**EXERCISE BRIEF:** Where does the string "Next" occur in the records below? Copy every line that holds it.

**MATERIAL SHOWN:**
(* Let $\psi,\varphi$ be metric formulas, $m\in\mathbb{N}$ and $n\in\mathbb{N}\cup\{\omega\}$. Then, with respect to strict timed traces, for all $i\in[m,n)$: $$\psi\,\mathsf{U}_{[m,n)}\,\varphi\equiv(\psi\,\mathsf{U}_{[m,i)}\,\varphi)\vee(\psi\,\mathsf{U}_{[i,n)}\,\varphi),\qquad \psi\,\mathsf{R}_{[m,n)}\,\varphi\equiv(\psi\,\mathsf{R}_{[m,i)}\,\varphi)\wedge(\psi\,\mathsf{R}_{[i,n)}\,\varphi),$$ and likewise $\psi\,\mathsf{S}_{[m,n)}\,\varphi\equiv(\psi\,\mathsf{S}_{[m,i)}\,\varphi)\vee(\psi\,\mathsf{S}_{[i,n)}\,\varphi)$ and $\psi\,\mathsf{T}_{[m,n)}\,\varphi\equiv(\psi\,\mathsf{T}_{[m,i)}\,\varphi)\wedge(\psi\,\mathsf{T}_{[i,n)}\,\varphi)$.
   Context: Write $[m,n)=\{i\in\mathbb{N}\mid m\le i<n\}$, $(m,n]=\{i\in\mathbb{N}\mid m<i\le n\}$. Metric formulas over a set of atoms $\mathcal{A}$: $\varphi::=p\mid\bot\mid\varphi_1\wedge\varphi_2\mid\varphi_1\vee\varphi_2\mid\varphi_1\to\varphi_2\mid\bullet_I\varphi\mid\varphi_1\mathsf{S}_I\varphi_2\mid\varphi_1\mathsf{T}_I\varphi_2\mid\circ_I\varphi\mid\varphi_1\mathsf{U}_I\varphi_2\mid\varphi_1\mathsf{R}_I\varphi_2$, $p\in\mathcal{A}$, $I=[m,n)$, $m\in\mathbb{N}$, $n\in\mathbb{N}\cup\{\omega\}$. A timed HT-trace of length $\lambda\in\mathbb{N}\cup\{\omega\}$ is $\mathbf{M}=(\langle\mathbf{H},\mathbf{T}\rangle,\tau)$ with $H_i\subseteq T_i\subseteq\mathcal{A}$ for $i\in[0,\lambda)$, $\tau:[0,\lambda)\to\mathbb{N}$, $\tau(0)=0$, $\tau(i)\le\tau(i+1)$; strict if $\tau(i)<\tau(i+1)$ whenever $i+1<\lambda$. Satisfaction at $k\in[0,\lambda)$: $\bot$ never; $p$ iff $p\in H_k$; $\wedge,\vee$ usual; $\varphi\to\psi$ iff for both $\mathbf{M}'=\mathbf{M}$ and $\mathbf{M}'=(\langle\mathbf{T},\mathbf{T}\rangle,\tau)$, $\mathbf{M}',k\not\models\varphi$ or $\mathbf{M}',k\models\psi$; $\bullet_I\varphi$ iff $k>0$, $\mathbf{M},k-1\models\varphi$, $\tau(k)-\tau(k-1)\in I$; $\varphi\mathsf{S}_I\psi$ iff for some $j\in[0,k]$ with $\tau(k)-\tau(j)\in I$, $\mathbf{M},j\models\psi$ and $\mathbf{M},i\models\varphi$ for all $i\in(j,k]$; $\varphi\mathsf{T}_I\psi$ iff for all $j\in[0,k]$ with $\tau(k)-\tau(j)\in I$, $\mathbf{M},j\models\psi$ or $\mathbf{M},i\models\varphi$ for some $i\in(j,k]$; $\circ_I\varphi$ iff $k+1<\lambda$, $\mathbf{M},k+1\models\varphi$, $\tau(k+1)-\tau(k)\in I$; $\varphi\mathsf{U}_I\psi$ iff for some $j\in[k,\lambda)$ with $\tau(j)-\tau(k)\in I$, $\mathbf{M},j\models\psi$ and $\mathbf{M},i\models\varphi$ for all $i\in[k,j)$; $\varphi\mathsf{R}_I\psi$ iff for all $j\in[k,\lambda)$ with $\tau(j)-\tau(k)\in I$, $\mathbf{M},j\models\psi$ or $\mathbf{M},i\models\varphi$ for some $i\in[k,j)$. $\alpha\equiv\beta$ (w.r.t. strict traces) means: for every strict timed HT-trace $\mathbf{M}$ of any length $\lambda$ and every $k\in[0,\lambda)$, $\mathbf{M},k\models\alpha$ iff $\mathbf{M},k\models\beta$. *)

From Stdlib Require Import Arith Lia.

Inductive natw : Type := Fin (n : nat) | Omega.

Definition ltw (i : nat) (n : natw) : Prop :=
  match n with Fin n' => i < n' | Omega => True end.

Record interval : Type := Itv { ilo : nat; ihi : natw }.

Definition in_itv (d : nat) (Iv : interval) : Prop :=
  ilo Iv <= d /\ ltw d (ihi Iv).

Inductive formula (A : Type) : Type :=
| Atom : A -> formula A
| Bot : formula A
| And : formula A -> formula A -> formula A
| Or : formula A -> formula A -> formula A
| Impl : formula A -> formula A -> formula A
| Prev : interval -> formula A -> formula A
| Since : interval -> formula A -> formula A -> formula A
| Trigger : interval -> formula A -> formula A -> formula A
| Next : interval -> formula A -> formula A
| Until : interval -> formula A -> formula A -> formula A
| Release : interval -> formula A -> formula A -> formula A.

Arguments Atom {A}. Arguments Bot {A}. Arguments And {A}. Arguments Or {A}.
Arguments Impl {A}. Arguments Prev {A}. Arguments Since {A}.
Arguments Trigger {A}. Arguments Next {A}. Arguments Until {A}.
Arguments Release {A}.

(* A timed HT-trace of length lam: H i ⊆ T i for i < lam, tau 0 = 0,
   tau monotone on [0, lam).  Values outside [0, lam) are irrelevant. *)
Record trace (A : Type) : Type := Trace {
  tlen : natw;
  tH : nat -> A -> Prop;
  tT : nat -> A -> Prop;
  ttau : nat -> nat
}.
Arguments tlen {A}. Arguments tH {A}. Arguments tT {A}. Arguments ttau {A}.
Arguments Trace {A}.

Definition timed_ht_trace {A : Type} (M : trace A) : Prop :=
  (forall i, ltw i (tlen M) -> forall p, tH M i p -> tT M i p) /\
  ttau M 0 = 0 /\
  (forall i, ltw (S i) (tlen M) -> ttau M i <= ttau M (S i)).

Definition strict_trace {A : Type} (M : trace A) : Prop :=
  timed_ht_trace M /\
  (forall i, ltw (S i) (tlen M) -> ttau M i < ttau M (S i)).

(* Satisfaction; the "here" component H varies (for implication we also
   evaluate in ⟨T,T⟩), while T, tau and the length lam are fixed. *)
Fixpoint sat_ {A : Type} (lam : natw) (T : nat -> A -> Prop) (tau : nat -> nat)
    (H : nat -> A -> Prop) (k : nat) (f : formula A) : Prop :=
  match f with
  | Atom p => H k p
  | Bot => False
  | And f1 f2 => sat_ lam T tau H k f1 /\ sat_ lam T tau H k f2
  | Or f1 f2 => sat_ lam T tau H k f1 \/ sat_ lam T tau H k f2
  | Impl f1 f2 =>
      (~ sat_ lam T tau H k f1 \/ sat_ lam T tau H k f2) /\
      (~ sat_ lam T tau T k f1 \/ sat_ lam T tau T k f2)
  | Prev J f1 =>
      0 < k /\ sat_ lam T tau H (k - 1) f1 /\ in_itv (tau k - tau (k - 1)) J
  | Since J f1 f2 =>
      exists j, j <= k /\ in_itv (tau k - tau j) J /\ sat_ lam T tau H j f2 /\
        forall i, j < i <= k -> sat_ lam T tau H i f1
  | Trigger J f1 f2 =>
      forall j, j <= k -> in_itv (tau k - tau j) J ->
        sat_ lam T tau H j f2 \/ exists i, j < i <= k /\ sat_ lam T tau H i f1
  | Next J f1 =>
      ltw (S k) lam /\ sat_ lam T tau H (S k) f1 /\ in_itv (tau (S k) - tau k) J
  | Until J f1 f2 =>
      exists j, k <= j /\ ltw j lam /\ in_itv (tau j - tau k) J /\
        sat_ lam T tau H j f2 /\ forall i, k <= i < j -> sat_ lam T tau H i f1
  | Release J f1 f2 =>
      forall j, k <= j -> ltw j lam -> in_itv (tau j - tau k) J ->
        sat_ lam T tau H j f2 \/ exists i, k <= i < j /\ sat_ lam T tau H i f1
  end.

Definition sat {A : Type} (M : trace A) (k : nat) (f : formula A) : Prop :=
  sat_ (tlen M) (tT M) (ttau M) (tH M) k f.

Definition equiv_strict {A : Type} (a b : formula A) : Prop :=
  forall M : trace A, strict_trace M ->
    forall k, ltw k (tlen M) -> (sat M k a <-> sat M k b).

(* The interval [m,n) is the disjoint union of [m,i) and [i,n), and the
   operators only consult their interval through the test d ∈ I on the
   distance d = |τ(j) − τ(k)|.  The witness j of U and S therefore lies in one
   of the two halves, while the universal quantifier of R and T splits into
   one for each half. *)
From Stdlib Require Import Arith Lia.

Lemma in_itv_split (m i d : nat) (n : natw) : m <= i -> ltw i n ->
  in_itv d (Itv m n) <-> in_itv d (Itv m (Fin i)) \/ in_itv d (Itv i n).
Proof.
  unfold in_itv; destruct n as [n|]; simpl; intros Hmi Hin; split.
  - destruct (lt_dec d i); [left | right]; lia.
  - lia.
  - destruct (lt_dec d i); [left | right]; lia.
  - intros [Hd | Hd]; lia.
Qed.

Section IntervalUnion.

Variables (A : Type) (lam : natw) (T H : nat -> A -> Prop) (tau : nat -> nat).
Variables (k : nat) (psi phi : formula A) (I J1 J2 : interval).
Hypothesis in_itv_union : forall d, in_itv d I <-> in_itv d J1 \/ in_itv d J2.

Let sat_at := sat_ lam T tau H k.

Lemma sat_Until_union :
  sat_at (Until I psi phi) <-> sat_at (Or (Until J1 psi phi) (Until J2 psi phi)).
Proof.
  unfold sat_at; simpl; split.
  - intros (j & Hkj & Hj & Hd & Hphi & Hpsi).
    destruct (proj1 (in_itv_union _) Hd); [left | right]; exists j; auto.
  - intros [(j & Hkj & Hj & Hd & Hphi & Hpsi) | (j & Hkj & Hj & Hd & Hphi & Hpsi)];
      exists j; repeat split; auto; apply in_itv_union; auto.
Qed.

Lemma sat_Release_union :
  sat_at (Release I psi phi) <-> sat_at (And (Release J1 psi phi) (Release J2 psi phi)).
Proof.
  unfold sat_at; simpl; split.
  - intros HR; split; intros j Hkj Hj Hd; apply HR; auto; apply in_itv_union; auto.
  - intros [HR1 HR2] j Hkj Hj Hd.
    destruct (proj1 (in_itv_union _) Hd); [apply HR1 | apply HR2]; auto.
Qed.

Lemma sat_Since_union :
  sat_at (Since I psi phi) <-> sat_at (Or (Since J1 psi phi) (Since J2 psi phi)).
Proof.
  unfold sat_at; simpl; split.
  - intros (j & Hjk & Hd & Hphi & Hpsi).
    destruct (proj1 (in_itv_union _) Hd); [left | right]; exists j; auto.
  - intros [(j & Hjk & Hd & Hphi & Hpsi) | (j & Hjk & Hd & Hphi & Hpsi)];
      exists j; repeat split; auto; apply in_itv_union; auto.
Qed.

Lemma sat_Trigger_union :
  sat_at (Trigger I psi phi) <-> sat_at (And (Trigger J1 psi phi) (Trigger J2 psi phi)).
Proof.
  unfold sat_at; simpl; split.
  - intros HT; split; intros j Hjk Hd; apply HT; auto; apply in_itv_union; auto.
  - intros [HT1 HT2] j Hjk Hd.
    destruct (proj1 (in_itv_union _) Hd); [apply HT1 | apply HT2]; auto.
Qed.

End IntervalUnion.

Lemma equiv_strict_of_sat_iff (A : Type) (a b : formula A) :
  (forall lam T tau H k, sat_ lam T tau H k a <-> sat_ lam T tau H k b) ->
  equiv_strict a b.
Proof. intros Hab M _ k _; apply Hab. Qed.

Theorem theorem3 (A : Type) (psi phi : formula A) (m : nat) (n : natw) :
  forall i : nat, m <= i -> ltw i n ->
    equiv_strict (Until (Itv m n) psi phi)
      (Or (Until (Itv m (Fin i)) psi phi) (Until (Itv i n) psi phi)) /\
    equiv_strict (Release (Itv m n) psi phi)
      (And (Release (Itv m (Fin i)) psi phi) (Release (Itv i n) psi phi)) /\
    equiv_strict (Since (Itv m n) psi phi)
      (Or (Since (Itv m (Fin i)) psi phi) (Since (Itv i n) psi phi)) /\
    equiv_strict (Trigger (Itv m n) psi phi)
      (And (Trigger (Itv m (Fin i)) psi phi) (Trigger (Itv i n) psi phi)).
Proof.
  intros i Hmi Hin.
  pose proof (fun d => in_itv_split m i d n Hmi Hin) as Hsplit.
  split; [| split; [| split]]; apply equiv_strict_of_sat_iff; intros.
  - apply sat_Until_union, Hsplit.
  - apply sat_Release_union, Hsplit.
  - apply sat_Since_union, Hsplit.
  - apply sat_Trigger_union, Hsplit.
Qed.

**ANSWER TO THIS TASK:**
| Next : interval -> formula A -> formula A
Arguments Trigger {A}. Arguments Next {A}. Arguments Until {A}.
  | Next J f1 =>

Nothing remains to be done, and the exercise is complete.